Hippocampal Neuronal Culture. Primary mixed hippocampal cultures were prepared as described previously by our laboratory with slight modifications (Sombati and DeLorenzo, 1995). In brief, hippocampal cells were prepared from 2-day postnatal Sprague-Dawley rats (Harlan, Frederick, MD) and plated at a density of 2.5 x 10⁴ cells/cm² onto a glial support layer previously plated onto poly-L-lysine–coated (0.05 mg/ml), 35-mm grid cell culture dishes (Nunc, Naperville, IL). Cultures were maintained at 37°C in a 5% CO₂/95% air atmosphere and fed twice weekly with NeuroBasal-A medium supplemented with B-27 (Invitrogen Corp., San Diego, CA) containing 0.5 mM L-glutamine. Unless otherwise noted, reagents were purchased from Sigma-Aldrich Co. (St. Louis, MO).
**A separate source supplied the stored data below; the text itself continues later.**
(* For every $\epsilon\in[0,1]$ and every unweighted congestion game $\mathcal{G}$ with affine latency functions, $\epsilon\text{-PoS}(\mathcal{G})\le\frac{1+\sqrt{3}}{\epsilon+\sqrt{3}}$.
   Context: A weighted congestion game consists of a finite set $[n]=\{1,\dots,n\}$ of players, a finite set $E$ of resources, for each player $i$ a weight $w_i>0$ and a nonempty finite strategy set $\Sigma_i\subseteq 2^E$, and for each resource $e$ a latency function $\ell_e:\mathbb{R}_{\ge 0}\to\mathbb{R}_{\ge 0}$. It is unweighted if $w_i=1$ for all $i$. Affine latency functions means $\ell_e(x)=\alpha_e x+\beta_e$ with $\alpha_e,\beta_e\ge 0$. For a strategy profile $S=(s_1,\dots,s_n)\in\prod_i\Sigma_i$, the congestion of $e$ is $L_e(S)=\sum_{i:\,e\in s_i}w_i$, the cost of player $i$ is $c_i(S)=\sum_{e\in s_i}\ell_e(L_e(S))$, and the social cost is $\mathrm{SUM}(S)=\sum_{i\in[n]}c_i(S)$; $S^*$ denotes a profile minimizing $\mathrm{SUM}$. For $t\in\Sigma_i$, $(S_{-i}\diamond t)$ denotes the profile obtained from $S$ by replacing $s_i$ with $t$. For $\epsilon\ge 0$, $S$ is an $\epsilon$-approximate pure Nash equilibrium ($\epsilon$-PNE) if $c_i(S)\le(1+\epsilon)c_i(S_{-i}\diamond t)$ for all $i\in[n]$ and all $t\in\Sigma_i$. The $\epsilon$-approximate price of stability is $\epsilon\text{-PoS}(\mathcal{G})=\min_{S\ \epsilon\text{-PNE}}\mathrm{SUM}(S)/\mathrm{SUM}(S^* )$. *)

From HB Require Import structures.
From mathcomp Require Import all_boot all_order all_algebra.
Set Implicit Arguments. Unset Strict Implicit. Unset Printing Implicit Defensive.
Import Order.TTheory GRing.Theory Num.Theory.
Local Open Scope ring_scope.

Section CG.
Variables (R : realFieldType) (n : nat) (E : finType).
Definition profile := {ffun 'I_n -> {set E}}.

Definition congestion (S : profile) (e : E) : R :=
  (#|[set i : 'I_n | e \in S i]|)%:R.

Definition latency (alpha beta : E -> R) (e : E) (x : R) : R :=
  alpha e * x + beta e.

Definition cost (alpha beta : E -> R) (S : profile) (i : 'I_n) : R :=
  \sum_(e in S i) latency alpha beta e (congestion S e).

Definition social_cost (alpha beta : E -> R) (S : profile) : R :=
  \sum_(i < n) cost alpha beta S i.

Definition deviate (S : profile) (i : 'I_n) (t : {set E}) : profile :=
  [ffun j => if j == i then t else S j].

Definition feasible (sigma : 'I_n -> {set {set E}}) (S : profile) : Prop :=
  forall i, S i \in sigma i.

Definition is_eps_PNE (sigma : 'I_n -> {set {set E}}) (alpha beta : E -> R)
    (eps : R) (S : profile) : Prop :=
  feasible sigma S /\
  forall (i : 'I_n) (t : {set E}), t \in sigma i ->
    cost alpha beta S i <= (1 + eps) * cost alpha beta (deviate S i t) i.
End CG.

From HB Require Import structures.
From mathcomp Require Import all_boot all_order all_algebra.
From mathcomp Require Import ring lra zify.
Import Order.TTheory GRing.Theory Num.Theory.
Set Implicit Arguments. Unset Strict Implicit.
Local Open Scope ring_scope.

(* Proof idea (potential-function method).  For a resource with latency
   a * x + b, load k and parameter eps, put
     pot_term k = (1 + eps)/2 * a * k^2 + (1 - eps)/2 * a * k + b * k,
   whose increment when the load grows from k - 1 to k is
     marginal k = (1 + eps) * a * k - eps * a + b.
   The eps-potential of a profile is the sum of pot_term over resources, and
   we take a feasible profile S minimising it (one exists: there are finitely
   many profiles).
   - A unilateral deviation changes the potential by at most
     (1 + eps) * (new cost) - (old cost), so S is an eps-PNE.
   - For any feasible T, letting every player i deviate to T i and summing
     the resulting inequalities shows sum_e (o_e g(k_e + 1) - k_e g(k_e)) >= 0
     (k_e, o_e the loads in S, T, g = marginal); also potential S <= potential T.
   - A per-resource inequality with weights mu, nu >= 0 combines these two
     facts into SUM(S) <= rho * SUM(T), rho = (1 + sqrt 3)/(eps + sqrt 3); it
     reduces to the nonnegativity on naturals of a quadratic form [gap] that
     holds exactly because s^2 = 3.
   The file develops the per-resource algebra first, then the ratio
   inequality, then the game-level lemmas about a potential minimiser. *)

Section Resource.
Variables (R : realFieldType) (eps a b : R).

Definition pot_term (x : R) : R :=
  (1 + eps) / 2 * a * x ^+ 2 + (1 - eps) / 2 * a * x + b * x.

Definition marginal (x : R) : R := (1 + eps) * a * x - eps * a + b.

Lemma pot_termS (x : R) : pot_term (1 + x) - pot_term x = marginal (1 + x).
Proof. by rewrite /pot_term /marginal; field. Qed.

Lemma marginalS (x : R) : marginal (x + 1) - marginal x = (1 + eps) * a.
Proof. by rewrite /marginal; ring. Qed.

Hypotheses (eps0 : 0 <= eps) (a0 : 0 <= a) (b0 : 0 <= b).

(* One resource's share of a unilateral deviation: a player using the
   resource before (bs) / after (bt), with c other users. *)
Lemma pot_term_eps_PNE (c : R) (bs bt : bool) : 0 <= c ->
  bs%:R * (a * (bs%:R + c) + b) + (pot_term (bt%:R + c) - pot_term (bs%:R + c))
    <= (1 + eps) * (bt%:R * (a * (bt%:R + c) + b)).
Proof.
move=> c0; have eac : 0 <= eps * a * c by rewrite !mulr_ge0.
have ea : 0 <= eps * a by rewrite mulr_ge0.
have eb : 0 <= eps * b by rewrite mulr_ge0.
case: bs; case: bt; rewrite /= ?subrr ?mul1r ?mul0r ?addr0 ?add0r ?mulr0 ?lexx //.
- lra.
- rewrite -opprB pot_termS /marginal; lra.
- rewrite pot_termS /marginal; lra.
Qed.

(* The same situation, bounding the change of potential by marginal
   latencies at the old load bs + c; the only loss is when the player stays. *)
Lemma pot_term_marginal (c : R) (bs bt : bool) :
  pot_term (bt%:R + c) - pot_term (bs%:R + c)
    <= bt%:R * marginal (bs%:R + c + 1) - bs%:R * marginal (bs%:R + c).
Proof.
case: bs; case: bt; rewrite /= ?subrr ?mul1r ?mul0r ?addr0 ?add0r ?subr0 ?sub0r ?oppr0 //.
- by rewrite marginalS mulr_ge0 ?addr_ge0.
- by rewrite -opprB pot_termS.
- by rewrite pot_termS addrC.
Qed.
End Resource.

Section Ratio.
Variables (R : realFieldType) (s : R).
Hypotheses (s0 : 0 <= s) (s3 : s ^+ 2 = 3).

(* A rational lower bound on s = sqrt 3, all that [gap_ge0] needs. *)
Lemma sqrt3_lb : 10 / 7 <= s.
Proof. by rewrite -(@ler_pXn2r _ 2) ?nnegrE ?s3 ?expr2 //; lra. Qed.

(* The quadratic form to which the per-resource ratio inequality reduces. *)
Definition gap (k o : R) : R :=
  (2 - s) * k ^+ 2 - 2 * k * o + (2 + s) * o ^+ 2 + s * k - (2 + s) * o.

(* On natural loads [gap] is nonnegative: for k <= 1 it factors, and for
   k >= 2 completing the square in o leaves (2 + s)(4k(s - 1) - 2 - s) >= 0,
   the term in k^2 vanishing because s^2 = 3. *)
Lemma gap_ge0 (k o : nat) : 0 <= gap k%:R o%:R.
Proof.
have s_lb := sqrt3_lb.
have o_sq : (o%:R : R) <= o%:R ^+ 2 by rewrite -natrX ler_nat; nia.
have o_ge0 : (0 : R) <= o%:R by [].
case: k => [|[|k]].
- rewrite /gap; nra.
- have [->|o_ge1] := posnP o; first by rewrite /gap; lra.
  have : (1 : R) <= o%:R by rewrite ler1n.
  rewrite /gap; nra.
- have k_ge2 : (2 : R) <= k.+2%:R by rewrite (ler_nat _ 2).
  set K := k.+2%:R in k_ge2 *; set O := (o%:R : R) in o_sq o_ge0 *.
  have square : 4 * (2 + s) * gap K O
     = (2 * (2 + s) * O - (2 * K + 2 + s)) ^+ 2 + (2 + s) * (4 * K * (s - 1) - (2 + s))
       + 4 * K ^+ 2 * (3 - s ^+ 2) by rewrite /gap; ring.
  rewrite s3 subrr mulr0 addr0 in square.
  have : 0 <= 4 * (2 + s) * gap K O.
    by rewrite square addr_ge0 ?sqr_ge0 // mulr_ge0; nra.
  by rewrite pmulr_rge0 //; lra.
Qed.

Variable eps : R.
Hypothesis eps_range : 0 <= eps <= 1.

(* The target ratio and the weights of the two minimality facts. *)
Definition rho : R := (1 + s) / (eps + s).
Definition mu : R := (1 - eps) / ((1 + eps) * (eps + s)).
Definition nu : R := rho - mu.

Lemma mu_ge0 : 0 <= mu.
Proof.
have s_lb := sqrt3_lb; case/andP: eps_range => eps0 eps1.
by rewrite /mu divr_ge0 ?mulr_ge0 //; lra.
Qed.

Lemma nu_ge0 : 0 <= nu.
Proof.
have s_lb := sqrt3_lb; case/andP: eps_range => eps0 eps1.
have -> : nu = (eps * (2 + s) + s) / ((1 + eps) * (eps + s)).
  by rewrite /nu /rho /mu; field; rewrite !gt_eqF //; lra.
by rewrite divr_ge0 ?addr_ge0 ?mulr_ge0 //; lra.
Qed.

(* Per-resource form of the price-of-stability bound, for loads k (in the
   minimiser) and o (in any profile): the slack is a nonnegative combination
   of [gap k o] and b * k. *)
Lemma resource_bound (a b : R) (k o : nat) : 0 <= a -> 0 <= b ->
  k%:R * (a * k%:R + b)
    + mu * (o%:R * marginal eps a b (k%:R + 1) - k%:R * marginal eps a b k%:R)
    + nu * (pot_term eps a b o%:R - pot_term eps a b k%:R)
  <= rho * (o%:R * (a * o%:R + b)).
Proof.
move=> a0 b0; have s_lb := sqrt3_lb; case/andP: eps_range => eps0 eps1.
rewrite -subr_ge0.
have -> : rho * (o%:R * (a * o%:R + b))
   - (k%:R * (a * k%:R + b)
      + mu * (o%:R * marginal eps a b (k%:R + 1) - k%:R * marginal eps a b k%:R)
      + nu * (pot_term eps a b o%:R - pot_term eps a b k%:R))
  = a * (1 - eps) * gap k%:R o%:R / (2 * (eps + s)) + b * ((1 - eps) / (eps + s)) * k%:R.
  by rewrite /nu /mu /rho /pot_term /marginal /gap; field; rewrite !gt_eqF //; lra.
by rewrite addr_ge0 ?divr_ge0 ?mulr_ge0 ?invr_ge0 ?gap_ge0 //; lra.
Qed.
End Ratio.

Section Loads.
Variables (n : nat) (E : finType).
Implicit Types (S : profile n E) (i : 'I_n) (t : {set E}) (e : E).

Definition load S e : nat := #|[set i | e \in S i]|.

Definition others_load S i e : nat := #|[set j | (j != i) && (e \in S j)]|.

Lemma load_split S i e : load S e = ((e \in S i) + others_load S i e)%N.
Proof.
rewrite /load (cardD1 i) inE; congr (_ + _)%N.
by apply: eq_card => j; rewrite !inE.
Qed.

Lemma load_deviate S i t e :
  load (deviate S i t) e = ((e \in t) + others_load S i e)%N.
Proof.
rewrite (load_split _ i) /deviate ffunE eqxx; congr (_ + _)%N.
by apply: eq_card => j; rewrite !inE ffunE; case: (j =P i).
Qed.

Lemma sum_membership (R : pzSemiRingType) S e :
  \sum_(i < n) ((e \in S i)%:R : R) = (load S e)%:R.
Proof.
rewrite -natr_sum /load -sum1_card; congr (_%:R).
by rewrite [RHS]big_mkcond; apply: eq_bigr => i _; rewrite inE; case: (e \in S i).
Qed.
End Loads.

Section Game.
Variables (R : realFieldType) (n : nat) (E : finType) (alpha beta : E -> R).
Implicit Types (S T : profile n E) (i : 'I_n) (t : {set E}) (e : E).

Lemma costE S i :
  cost alpha beta S i = \sum_e (e \in S i)%:R * latency alpha beta e (load S e)%:R.
Proof.
rewrite /cost big_mkcond; apply: eq_bigr => e _ /=.
by case: (e \in S i); rewrite ?mul1r ?mul0r.
Qed.

Lemma social_costE S :
  social_cost alpha beta S = \sum_e (load S e)%:R * latency alpha beta e (load S e)%:R.
Proof.
rewrite /social_cost (eq_bigr _ (fun i _ => costE S i)) exchange_big.
by apply: eq_bigr => e _; rewrite -mulr_suml sum_membership.
Qed.

Lemma deviate_feasible (sigma : 'I_n -> {set {set E}}) S i t :
  feasible sigma S -> t \in sigma i -> feasible sigma (deviate S i t).
Proof. by move=> fS ti j; rewrite ffunE; case: (j =P i) => [->|]. Qed.

Definition potential (eps : R) S : R :=
  \sum_e pot_term eps (alpha e) (beta e) (load S e)%:R.

Lemma potential_deviate eps S i t :
  potential eps (deviate S i t) - potential eps S
    = \sum_e (pot_term eps (alpha e) (beta e) ((e \in t)%:R + (others_load S i e)%:R)
            - pot_term eps (alpha e) (beta e) ((e \in S i)%:R + (others_load S i e)%:R)).
Proof.
by rewrite -sumrB; apply: eq_bigr => e _; rewrite load_deviate (load_split S i) !natrD.
Qed.

Section PotentialMinimizer.
Variables (sigma : 'I_n -> {set {set E}}) (eps : R) (S : profile n E).
Hypotheses (halpha : forall e, 0 <= alpha e) (hbeta : forall e, 0 <= beta e).
Hypotheses (eps0 : 0 <= eps) (fS : feasible sigma S).
Hypothesis S_min : forall T, feasible sigma T -> potential eps S <= potential eps T.

Let g e : R -> R := marginal eps (alpha e) (beta e).

Lemma potential_min_eps_PNE : is_eps_PNE sigma alpha beta eps S.
Proof.
split=> // i t ti.
have dev_ge0 : 0 <= potential eps (deviate S i t) - potential eps S.
  by rewrite subr_ge0; apply/S_min/deviate_feasible.
apply: le_trans (_ : _ <= cost alpha beta S i
  + (potential eps (deviate S i t) - potential eps S)) _; first by rewrite lerDl.
rewrite potential_deviate !costE mulr_sumr -big_split /=.
apply: ler_sum => e _; rewrite /latency ffunE eqxx load_deviate (load_split S i) !natrD.
exact: pot_term_eps_PNE.
Qed.

(* Summing the minimality of S against the deviations of every player i to
   T i gives the "marginal" inequality used in the cost bound. *)
Lemma potential_min_marginal T : feasible sigma T ->
  0 <= \sum_e ((load T e)%:R * g e ((load S e)%:R + 1) - (load S e)%:R * g e (load S e)%:R).
Proof.
move=> fT.
have player_ge0 i :
    0 <= \sum_e ((e \in T i)%:R * g e ((load S e)%:R + 1) - (e \in S i)%:R * g e (load S e)%:R).
  have dev_ge0 : 0 <= potential eps (deviate S i (T i)) - potential eps S.
    by rewrite subr_ge0; apply/S_min/deviate_feasible.
  apply: (le_trans dev_ge0); rewrite potential_deviate; apply: ler_sum => e _.
  by rewrite (load_split S i) natrD; exact: pot_term_marginal.
have : 0 <= \sum_(i < n) \sum_e
    ((e \in T i)%:R * g e ((load S e)%:R + 1) - (e \in S i)%:R * g e (load S e)%:R).
  by apply: sumr_ge0 => i _; exact: player_ge0.
rewrite exchange_big /=.
by under eq_bigr do rewrite sumrB -!mulr_suml !sum_membership.
Qed.

Lemma potential_min_cost (s : R) T : 0 <= s -> s ^+ 2 = 3 -> eps <= 1 ->
  feasible sigma T -> social_cost alpha beta S <= rho s eps * social_cost alpha beta T.
Proof.
move=> s0 s3 eps1 fT.
have eps_range : 0 <= eps <= 1 by apply/andP.
have pot_ge0 : 0 <= potential eps T - potential eps S by rewrite subr_ge0 S_min.
have marg_ge0 := potential_min_marginal fT.
rewrite !social_costE mulr_sumr.
apply: le_trans (ler_sum _ (fun e _ => resource_bound s0 s3 eps_range
    (load S e) (load T e) (halpha e) (hbeta e))).
rewrite !big_split /= -!mulr_sumr -addrA lerDl.
by rewrite addr_ge0 // mulr_ge0 ?(mu_ge0 s0 s3 eps_range, nu_ge0 s0 s3 eps_range) // sumrB.
Qed.
End PotentialMinimizer.
End Game.

Lemma exists_feasible_min (R : realDomainType) (n : nat) (E : finType)
    (sigma : 'I_n -> {set {set E}}) (F : profile n E -> R) :
  (forall i, sigma i != set0) ->
  exists2 S, feasible sigma S & forall T, feasible sigma T -> F S <= F T.
Proof.
move=> hsigma.
have feasibleP T : reflect (feasible sigma T) [forall i, T i \in sigma i].
  exact: (iffP forallP).
pose S0 : profile n E := [ffun i => odflt set0 [pick t in sigma i]].
have fS0 : [forall i, S0 i \in sigma i].
  apply/forallP => i; rewrite ffunE; case: pickP => [t -> //|none].
  by have /set0Pn [t] := hsigma i; rewrite none.
have [S /feasibleP fS S_min] :=
  arg_minP (P := [pred T : profile n E | [forall i, T i \in sigma i]]) F fS0.
by exists S => // T /feasibleP; exact: S_min.
Qed.

Unset Implicit Arguments.
Theorem mainTheorem4 (R : rcfType) (n : nat) (E : finType)
    (sigma : 'I_n -> {set {set E}}) (alpha beta : E -> R)
    (hsigma : forall i, sigma i != set0)
    (halpha : forall e, 0 <= alpha e) (hbeta : forall e, 0 <= beta e)
    (eps : R) (heps0 : 0 <= eps) (heps1 : eps <= 1) :
  exists S : profile n E,
    is_eps_PNE sigma alpha beta eps S /\
    forall T : profile n E, feasible sigma T ->
      social_cost alpha beta S
        <= (1 + Num.sqrt 3) / (eps + Num.sqrt 3) * social_cost alpha beta T.
Proof.
have [S fS S_min] := exists_feasible_min (potential alpha beta eps) hsigma.
exists S; split; first exact: potential_min_eps_PNE.
move=> T fT; apply: potential_min_cost => //.
- exact: sqrtr_ge0.
- by rewrite sqr_sqrtr.
Qed.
Induction of SE and SRED by Low Mg²⁺ Treatment of Hippocampal Neuronal Cultures. After 2 weeks, cultures were utilized for experimentation. Maintenance medium was replaced with physiological bath recording solution (pBRS) with or without MgCl₂ containing 145 mM NaCl, 2.5 mM KCl, 10 mM HEPES, 2 mM CaCl₂, 10 mM glucose, and 0.002 mM glycine, pH 7.3, and osmolarity adjusted to 325 mOsm with sucrose. Thus, low Mg²⁺ treatment was carried out with pBRS without added MgCl₂, whereas sham controls were treated with pBRS containing 1 mM MgCl₂. Unless indicated as low Mg²⁺ treatment, experimental protocols in this study utilized pBRS containing 1 mM MgCl₂.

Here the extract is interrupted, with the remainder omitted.